The short answer is no. Read on…

Conventional medical practice says that one of the most if not the most important hormones is AMH which indicates woman’s egg reserve. If this is low, the chances of her getting pregnant will be low. This may be the case with IVF technology where stimulating drugs are injected to retrieve eggs cycle by cycle. A high AMH implies a high egg reserve, which in turn implies more eggs can be retrieved. This increases the chances of more good quality eggs to be retrieved, which then means an IVF cycle is more likely to be successful. However, does the same rationale applies to a context different from ART (Assisted Reproductive Technology) i.e. natural pregnancy?

Does AMH level relate to probability of natural pregnancy?

Hagen et al. addressed this very question in a recent issue of the journal Fertility and Sterility (Low concentration of circulating anti-mullerian hormone is not predictive of reduced fecundability in young healthy women: a prospective cohort study 2012; 98:1602-8).

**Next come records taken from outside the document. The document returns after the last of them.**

(* Let $1\le p\le n$, $\beta>0$, and $X\in\mathbb{R}^{n\times p}_*$. Let $\mathrm{T}_X\mathrm{St}_{X^\top X}=\{\xi\in\mathbb{R}^{n\times p}\mid \xi^\top X+X^\top\xi=0\}$ be the tangent space at $X$ of $\mathrm{St}_{X^\top X}=\{Y\in\mathbb{R}^{n\times p}\mid Y^\top Y=X^\top X\}$. The orthogonal projection $\mathrm{Proj}_{X,\beta}:\mathbb{R}^{n\times p}\to\mathrm{T}_X\mathrm{St}_{X^\top X}$ with respect to $g^\beta_X$ (i.e., the map characterized by $\mathrm{Proj}_{X,\beta}(Z)\in\mathrm{T}_X\mathrm{St}_{X^\top X}$ and $g^\beta_X(\xi,Z-\mathrm{Proj}_{X,\beta}(Z))=0$ for all $\xi\in\mathrm{T}_X\mathrm{St}_{X^\top X}$) is given, for all $Z\in\mathbb{R}^{n\times p}$, by \[\mathrm{Proj}_{X,\beta}(Z)=X(X^\top X)^{-1}\operatorname{skew}(X^\top Z)+\big(\mathrm{I}_n-X(X^\top X)^{-1}X^\top\big)Z.\]
   Context: $\mathbb{R}^{n\times p}_*$ denotes the set of full-rank (rank $p$) real $n\times p$ matrices, and $\operatorname{skew}(A)=(A-A^\top)/2$. For $\beta>0$ and $X\in\mathbb{R}^{n\times p}_*$, the $\beta$-metric is the inner product on $\mathbb{R}^{n\times p}$ given by \[g^\beta_X(\xi,\zeta)=\mathrm{trace}\Big(\xi^\top\big(\mathrm{I}_n-(1-\beta)X(X^\top X)^{-1}X^\top\big)\zeta\,(X^\top X)^{-1}\Big),\qquad \xi,\zeta\in\mathbb{R}^{n\times p}.\] *)

From mathcomp Require Import all_boot all_order all_algebra.
Set Implicit Arguments. Unset Strict Implicit. Unset Printing Implicit Defensive.
Import Order.TTheory GRing.Theory Num.Theory.
Local Open Scope ring_scope.

Definition skew (R : realFieldType) (p : nat) (A : 'M[R]_p) : 'M[R]_p :=
  2^-1 *: (A - A^T).

Definition gbeta (R : realFieldType) (n p : nat) (beta : R) (X : 'M[R]_(n, p))
  (xi zeta : 'M[R]_(n, p)) : R :=
  \tr (xi^T *m (1%:M - (1 - beta) *: (X *m invmx (X^T *m X) *m X^T))
        *m zeta *m invmx (X^T *m X)).

Definition tangentSt (R : realFieldType) (n p : nat) (X xi : 'M[R]_(n, p)) : Prop :=
  xi^T *m X + X^T *m xi = 0.

Definition projFormula (R : realFieldType) (n p : nat) (X Z : 'M[R]_(n, p))
  : 'M[R]_(n, p) :=
  X *m invmx (X^T *m X) *m skew (X^T *m Z)
  + (1%:M - X *m invmx (X^T *m X) *m X^T) *m Z.

From Pilot Require Import Defs.
From mathcomp Require Import all_boot all_order all_algebra.
From mathcomp Require Import lra.
Set Implicit Arguments.
Unset Strict Implicit.
Unset Printing Implicit Defensive.
Import Order.TTheory GRing.Theory Num.Theory.
Local Open Scope ring_scope.

(* Write G = X^T X, P = X G^-1 X^T and M = I - (1 - beta) P, so that
   g(xi, zeta) = tr(xi^T M zeta G^-1) and X^T M = beta X^T.
   The formula F lies in the tangent space because X^T F = skew(X^T Z), and
   Z - F = X G^-1 Y with Y = X^T Z - skew(X^T Z) symmetric, so
   g(xi, Z - F) = beta tr((xi^T X) (G^-1 Y G^-1)) vanishes: it is the trace
   of a skew matrix times a symmetric one.
   For uniqueness, g_X^beta is nondegenerate on the tangent space: given a
   tangent D orthogonal to all tangent vectors, split D = N + X G^-1 A with
   N = D - P D and A = X^T D skew; the tangent vectors N G and X A G give
   tr(N^T N) = 0 and beta tr(A^T A) = 0, hence D = 0. *)

Lemma mxtrace_gram_eq0 (R : realDomainType) (m k : nat) (A : 'M[R]_(m, k)) :
  \tr (A^T *m A) = 0 -> A = 0.
Proof.
have -> : \tr (A^T *m A) = \sum_i \sum_j A j i ^+ 2.
  apply: eq_bigr => i _; rewrite !mxE.
  by apply: eq_bigr => j _; rewrite !mxE expr2.
move/eqP; rewrite psumr_eq0 => [/allP sum0|i _]; last first.
  by apply: sumr_ge0 => j _; exact: sqr_ge0.
apply/matrixP => j i; rewrite mxE.
move: (sum0 i (mem_index_enum i)); rewrite /= psumr_eq0 => [|l _]; last exact: sqr_ge0.
by move/allP/(_ j (mem_index_enum j)); rewrite /= sqrf_eq0 => /eqP.
Qed.

Lemma unitmx_gram (R : realFieldType) (m k : nat) (X : 'M[R]_(m, k)) :
  \rank X = k -> X^T *m X \in unitmx.
Proof.
move=> rankX; rewrite -row_free_unit; apply: inj_row_free => v vXTX0.
have XT_free : row_free X^T by rewrite /row_free mxrank_tr rankX.
have : (v *m X^T)^T = 0.
  apply: mxtrace_gram_eq0; rewrite trmxK trmx_mul trmxK mulmxA -(mulmxA v) vXTX0.
  by rewrite !mul0mx mxtrace0.
by move/(congr1 trmx); rewrite trmxK trmx0 => /eqP; rewrite mulmx_free_eq0 // => /eqP.
Qed.

Lemma mxtrace_skew_sym (R : numDomainType) (k : nat) (B S : 'M[R]_k) :
  B^T = - B -> S^T = S -> \tr (B *m S) = 0.
Proof.
move=> skewB symS; have : \tr (B *m S) *+ 2 == 0.
  by rewrite mulr2n addr_eq0 -{1}mxtrace_tr trmx_mul skewB symS mulmxN linearN /= mxtrace_mulC.
by rewrite mulrn_eq0 /= => /eqP.
Qed.

(* [skew] alone would denote the sesquilinear notation exported by all_algebra. *)
Lemma trmx_skew (R : realFieldType) (k : nat) (A : 'M[R]_k) :
  (Defs.skew A)^T = - Defs.skew A.
Proof. by apply/matrixP => i j; rewrite /Defs.skew !mxE; lra. Qed.

Lemma trmx_subr_skew (R : realFieldType) (k : nat) (A : 'M[R]_k) :
  (A - Defs.skew A)^T = A - Defs.skew A.
Proof. by apply/matrixP => i j; rewrite /Defs.skew !mxE; lra. Qed.

Lemma tangentStP (R : realFieldType) (n p : nat) (X xi : 'M[R]_(n, p)) :
  tangentSt X xi <-> (X^T *m xi)^T = - (X^T *m xi).
Proof.
rewrite /tangentSt trmx_mul trmxK.
by split => [/eqP|->]; [rewrite addr_eq0 => /eqP | exact: addNr].
Qed.

Lemma tangentStB (R : realFieldType) (n p : nat) (X xi zeta : 'M[R]_(n, p)) :
  tangentSt X xi -> tangentSt X zeta -> tangentSt X (xi - zeta).
Proof.
move=> /tangentStP xiT /tangentStP zetaT; apply/tangentStP.
by rewrite mulmxBr linearB /= xiT zetaT opprD.
Qed.

Lemma gbetaBr (R : realFieldType) (n p : nat) (beta : R) (X xi z1 z2 : 'M[R]_(n, p)) :
  gbeta beta X xi (z1 - z2) = gbeta beta X xi z1 - gbeta beta X xi z2.
Proof. by rewrite /gbeta mulmxBr mulmxBl linearB. Qed.

Section FullRank.

Variables (R : realFieldType) (n p : nat) (X : 'M[R]_(n, p)).
Hypothesis rankX : \rank X = p.

Local Notation G := (X^T *m X).
Local Notation Gi := (invmx (X^T *m X)).
Local Notation P := (X *m invmx (X^T *m X) *m X^T).

Let G_unit : G \in unitmx := unitmx_gram rankX.

Lemma trmx_gram : G^T = G.
Proof. by rewrite trmx_mul trmxK. Qed.

Lemma trmx_invgram : Gi^T = Gi.
Proof. by rewrite trmx_inv trmx_gram. Qed.

Lemma mulTmx_proj : X^T *m P = X^T.
Proof. by rewrite !mulmxA (mulmxV G_unit) mul1mx. Qed.

Lemma proj_mulmx : P *m X = X.
Proof. by rewrite -mulmxA (mulmxKV G_unit). Qed.

Lemma metric_mulmx (beta : R) : (1%:M - (1 - beta) *: P) *m X = beta *: X.
Proof.
by rewrite mulmxBl mul1mx -scalemxAl proj_mulmx scalerBl scale1r opprB addrC subrK.
Qed.

Lemma mulTmx_metric (beta : R) : X^T *m (1%:M - (1 - beta) *: P) = beta *: X^T.
Proof.
by rewrite mulmxBr mulmx1 -scalemxAr mulTmx_proj scalerBl scale1r opprB addrC subrK.
Qed.

Lemma gbeta_sym_range_eq0 (beta : R) (xi : 'M[R]_(n, p)) (Y : 'M[R]_p) :
  tangentSt X xi -> Y^T = Y -> gbeta beta X xi (X *m Gi *m Y) = 0.
Proof.
move=> /tangentStP xiT symY.
rewrite /gbeta !mulmxA -(mulmxA _ _ X) metric_mulmx -scalemxAr -!scalemxAl mxtraceZ.
rewrite -!mulmxA mulmxA mxtrace_skew_sym ?mulr0 //.
  by move: xiT; rewrite !trmx_mul !trmxK => ->; rewrite opprK.
by rewrite !trmx_mul trmx_invgram symY mulmxA.
Qed.

Lemma mulTmx_projFormula (Z : 'M[R]_(n, p)) :
  X^T *m projFormula X Z = Defs.skew (X^T *m Z).
Proof.
rewrite /projFormula mulmxDr [X^T *m (_ *m Z)]mulmxA mulmxBr mulmx1 mulTmx_proj.
by rewrite subrr mul0mx addr0 !mulmxA (mulmxV G_unit) mul1mx.
Qed.

Lemma tangentSt_projFormula (Z : 'M[R]_(n, p)) : tangentSt X (projFormula X Z).
Proof. by apply/tangentStP; rewrite mulTmx_projFormula trmx_skew. Qed.

Lemma sub_projFormula (Z : 'M[R]_(n, p)) :
  Z - projFormula X Z = X *m Gi *m (X^T *m Z - Defs.skew (X^T *m Z)).
Proof.
rewrite /projFormula mulmxBl mul1mx mulmxBr !mulmxA.
by rewrite opprD opprB addrCA (addrCA Z) subrr addr0 addrC.
Qed.

Lemma gbeta_sub_projFormula (beta : R) (Z xi : 'M[R]_(n, p)) :
  tangentSt X xi -> gbeta beta X xi (Z - projFormula X Z) = 0.
Proof.
by move=> xiT; rewrite sub_projFormula gbeta_sym_range_eq0 // trmx_subr_skew.
Qed.

Lemma gbeta_mulmx_gram (beta : R) (xi zeta : 'M[R]_(n, p)) :
  gbeta beta X (xi *m G) zeta = \tr (xi^T *m (1%:M - (1 - beta) *: P) *m zeta).
Proof.
rewrite /gbeta trmx_mul trmx_gram; move: (1%:M - _) => M.
have := G_unit; move: (X^T *m X) => G0 G0_unit.
by rewrite -!mulmxA mxtrace_mulC -!mulmxA (mulVmx G0_unit) mulmx1 mulmxA.
Qed.

Lemma gbeta_proj_compl (beta : R) (D : 'M[R]_(n, p)) :
  gbeta beta X ((D - P *m D) *m G) D = \tr ((D - P *m D)^T *m (D - P *m D)).
Proof.
set N := D - P *m D.
have NTX : N^T *m X = 0.
  by rewrite -[_ *m X]trmxK trmx_mul trmxK mulmxBr mulmxA mulTmx_proj subrr trmx0.
have NTP : N^T *m P = 0 by rewrite !mulmxA NTX !mul0mx.
rewrite gbeta_mulmx_gram mulmxBr mulmx1 -scalemxAr NTP scaler0 subr0.
by rewrite {2}/N mulmxBr mulmxA NTP mul0mx subr0.
Qed.

Lemma gbeta_range (beta : R) (D : 'M[R]_(n, p)) :
  gbeta beta X (X *m (X^T *m D) *m G) D = beta * \tr ((X^T *m D)^T *m (X^T *m D)).
Proof.
rewrite gbeta_mulmx_gram [(X *m _)^T]trmx_mul -(mulmxA _ X^T) mulTmx_metric.
by rewrite -scalemxAr -scalemxAl mxtraceZ mulmxA.
Qed.

Lemma tangentSt_proj_compl (D : 'M[R]_(n, p)) : tangentSt X ((D - P *m D) *m G).
Proof.
have XTN : X^T *m (D - P *m D) = 0 by rewrite mulmxBr mulmxA mulTmx_proj subrr.
by apply/tangentStP; rewrite mulmxA XTN mul0mx trmx0 oppr0.
Qed.

Lemma tangentSt_range_skew (A : 'M[R]_p) : A^T = - A -> tangentSt X (X *m A *m G).
Proof.
move=> skewA; apply/tangentStP.
have -> : X^T *m (X *m A *m G) = G *m A *m G by rewrite !mulmxA.
by rewrite trmx_mul [(_ *m A)^T]trmx_mul trmx_gram skewA mulNmx mulmxN mulmxA.
Qed.

Lemma gbeta_tangent_nondegenerate (beta : R) (D : 'M[R]_(n, p)) :
  0 < beta -> tangentSt X D ->
  (forall xi, tangentSt X xi -> gbeta beta X xi D = 0) -> D = 0.
Proof.
move=> beta_gt0 /tangentStP DT Dperp.
have N0 : D - P *m D = 0.
  apply: mxtrace_gram_eq0.
  by rewrite -(gbeta_proj_compl beta) (Dperp _ (tangentSt_proj_compl D)).
have A0 : X^T *m D = 0.
  apply: mxtrace_gram_eq0; apply/eqP.
  move: (Dperp _ (tangentSt_range_skew DT)) => /eqP.
  by rewrite gbeta_range mulf_eq0 gt_eqF.
by rewrite -[D](subrK (P *m D)) N0 add0r -!mulmxA A0 !mulmx0.
Qed.

End FullRank.

Theorem proposition4 (R : realFieldType) (n p : nat) (beta : R)
  (X : 'M[R]_(n, p)) :
  (1 <= p)%N -> (p <= n)%N -> 0 < beta -> \rank X = p ->
  forall Z : 'M[R]_(n, p),
    [/\ tangentSt X (projFormula X Z),
        (forall xi, tangentSt X xi -> gbeta beta X xi (Z - projFormula X Z) = 0)
      & (forall W, tangentSt X W ->
           (forall xi, tangentSt X xi -> gbeta beta X xi (Z - W) = 0) ->
           W = projFormula X Z)].
Proof.
move=> _ _ beta_gt0 rankX Z; split.
- exact: tangentSt_projFormula.
- by move=> xi; apply: gbeta_sub_projFormula.
move=> W WT Wperp; apply/eqP; rewrite -subr_eq0; apply/eqP.
apply: (gbeta_tangent_nondegenerate rankX beta_gt0).
  exact: tangentStB WT (tangentSt_projFormula rankX Z).
move=> xi xiT.
have -> : W - projFormula X Z = (Z - projFormula X Z) - (Z - W).
  by rewrite opprB [RHS]addrC addrA subrK.
by rewrite gbetaBr gbeta_sub_projFormula // Wperp // subrr.
Qed.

They followed a total of 186 young Danish couples that intended to discontinue contraception to become pregnant until they conceived or for six menstrual cycles. They calculated the fecundability ratio (FR) (i.e., the monthly probability of conceiving) and time to pregnancy (TTP) was measured as the number of cycles from stopping birth control to pregnancy. They measured AMH levels and anticipated that those with low AMH levels would have a low FR and take longer to conceive. AMH levels were measured and were divided into 3 groups low (quintile 1), medium (quintile 2 -4) and high (quintile 5). The results are interesting.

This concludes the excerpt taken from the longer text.